12

La expresión de sorpresa y un movimiento extraño captado de reojo —Nora escondía unos papeles debajo del teclado del ordenador—, quedaron grabados en la mente de Amalia, donde seguirían varias horas después de que, al abrir la puerta del despacho y encontrarla dentro, su hermana le dijera un también intrascendente:

—¡Oh! No sabía que estabas aquí.

Los dos gestos le parecieron sospechosos. Deformación profesional, dirían unos; su autoimpuesta misión de vigilar a su hermana, enferma, adicta, habría respondido Amalia si hubiera podido contárselo a alguien.

—¿Qué haces?

—Revisando unos datos.

La sospecha podría haberse muerto de inocuidad congénita, pero Nora la miró con desconfianza, algo molesta incluso, al preguntar:

—¿Por qué lo quieres saber?

—Nada —se oyó a sí misma decir a lo lejos, como si alguien muy precavido usara su voz para evitar poner a Nora en guardia.
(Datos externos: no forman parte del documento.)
Lemma objective_re_ghz alpha n1 n2 (a : 'cV[C]_(2 ^ n1)) c0 c1 : (0 < n2)%N ->
  objective_re alpha a (ghz n2 c0 c1)
  = alpha * (prob_zeros a * sqnormc c0 + prob_ones a * sqnormc c1) + expX a * pairX c0 c1.
Proof.
by move=> n2_gt0; rewrite /objective_re /prob_zeros /prob_ones ghz_zeros ghz_ones ?expX_ghz.
Qed.

Lemma sqnormc_real (x : R) : sqnormc x%:C = x ^+ 2.
Proof. by rewrite /sqnormc /= expr0n addr0. Qed.

Lemma pairX_real (x y : R) : pairX x%:C y%:C = 2 * (x * y).
Proof. by rewrite /pairX /=; ring. Qed.

Lemma objective_re_qubit_lift alpha n1 n2 (a : 'cV[C]_(2 ^ n1)) (c : 'cV[C]_(2 ^ 1)) :
  (0 < n2)%N -> unit_vec c ->
  exists2 b : 'cV[C]_(2 ^ n2), unit_vec b & objective_re alpha a b = objective_re alpha a c.
Proof.
move=> n2_gt0; rewrite {1}(qubit_ghz c) => /unit_vecE; rewrite sum_sqnormc_ghz // => c_unit.
exists (ghz n2 (c (ord_zeros 1) 0) (c (ord_ones 1) 0)).
  by apply/unit_vecE; rewrite sum_sqnormc_ghz.
by rewrite [in RHS](qubit_ghz c) !objective_re_ghz.
Qed.

Lemma objective_re_le_qubit alpha n1 n2 (a : 'cV[C]_(2 ^ n1)) (b : 'cV[C]_(2 ^ n2)) :
  0 <= alpha -> (0 < n2)%N -> unit_vec b ->
  exists2 c : 'cV[C]_(2 ^ 1), unit_vec c & objective_re alpha a b <= objective_re alpha a c.
Proof.
move=> alpha_ge0 n2_gt0 /unit_vecE; rewrite sum_sqnormc_split // => b_unit.
have := expX_sqr_le b n2_gt0; have := inner_mass_ge0 b.
set P := prob_zeros b + _; set Q := prob_ones b + _ => r_ge0 Xb_le.
have [Pb_le Qb_le] : prob_zeros b <= P /\ prob_ones b <= Q by rewrite /P /Q; split; lra.
have P_ge0 := le_trans (sqnormc_ge0 _) Pb_le; have Q_ge0 := le_trans (sqnormc_ge0 _) Qb_le.
have PQ_sum : P + Q = 1 by rewrite /P /Q; lra.
pose p := Num.sqrt P; pose q := Num.sqrt Q; pose s : R := (-1) ^+ (expX a < 0)%R.
exists (ghz 1 p%:C (s * q)%:C).
  by apply/unit_vecE; rewrite sum_sqnormc_ghz // !sqnormc_real exprMn sqrr_sign mul1r !sqr_sqrtr.
rewrite objective_re_ghz // !sqnormc_real pairX_real exprMn sqrr_sign mul1r.
have -> : expX a * (2 * (p * (s * q))) = `|expX a| * (2 * p * q) by rewrite /s normrEsign; ring.
by apply: objective_bound; rewrite ?sqrtr_ge0 ?sqnormc_ge0 ?sqr_sqrtr.
Qed.

End Qubits.

Lemma sup_eq_of_cofinal (R : realType) (A B : set R) :
  (forall x, A x -> exists2 y, B y & x <= y) ->
  (forall y, B y -> exists2 x, A x & y <= x) ->
  sup A = sup B.
Proof.
move=> AB BA; rewrite -sup_down -[RHS]sup_down; congr sup.
apply/seteqP; split => x [y [Ay le_xy]].
  by have [z Bz le_yz] := AB y Ay; exists z; split => //; apply: le_trans le_yz.
by have [z Az le_yz] := BA y Ay; exists z; split => //; apply: le_trans le_yz.
Qed.

Theorem lemma1 (R : realType) (alpha : R) (halpha : 0 < alpha <= 2)
    (n1 n2 : nat) (hn1 : (1 <= n1)%N) (hn2 : (1 <= n2)%N) :
  f alpha n1 n2 = f alpha n1 1.
Proof.
have alpha_ge0 : 0 <= alpha by case/andP: halpha => /ltW.
apply: sup_eq_of_cofinal => x [a [b [a_unit [b_unit]]]]; rewrite objectiveE => /complexI ->.
  have [c c_unit le_bc] := objective_re_le_qubit a alpha_ge0 hn2 b_unit.
  by exists (objective_re alpha a c) => //; exists a, c; rewrite objectiveE.
have [b' b'_unit eq_b'] := objective_re_qubit_lift alpha a hn2 b_unit.
by exists (objective_re alpha a b'); [exists a, b'; rewrite objectiveE | rewrite eq_b'].
Qed.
Dio un par de pasos hacia la mesa y vio el tercer gesto delator, muy pequeño, en apariencia insignificante. El índice que oprimía el ratón para cerrar el documento en que estaba trabajando en ese momento.

«¿Qué estás haciendo? Dime que no has empezado otra vez. Dime que esos papeles que quieres ocultarme no están llenos de notas sobre nosotros o sobre algún cliente. Dime que no lo estás haciendo otra vez.» Pero esa voz se negó a salir, se le había quedado atorada por el miedo a que la respuesta confirmara su temor.

Se despidió con torpeza y se marchó.

¡Qué poco duraban los buenos propósitos en su familia!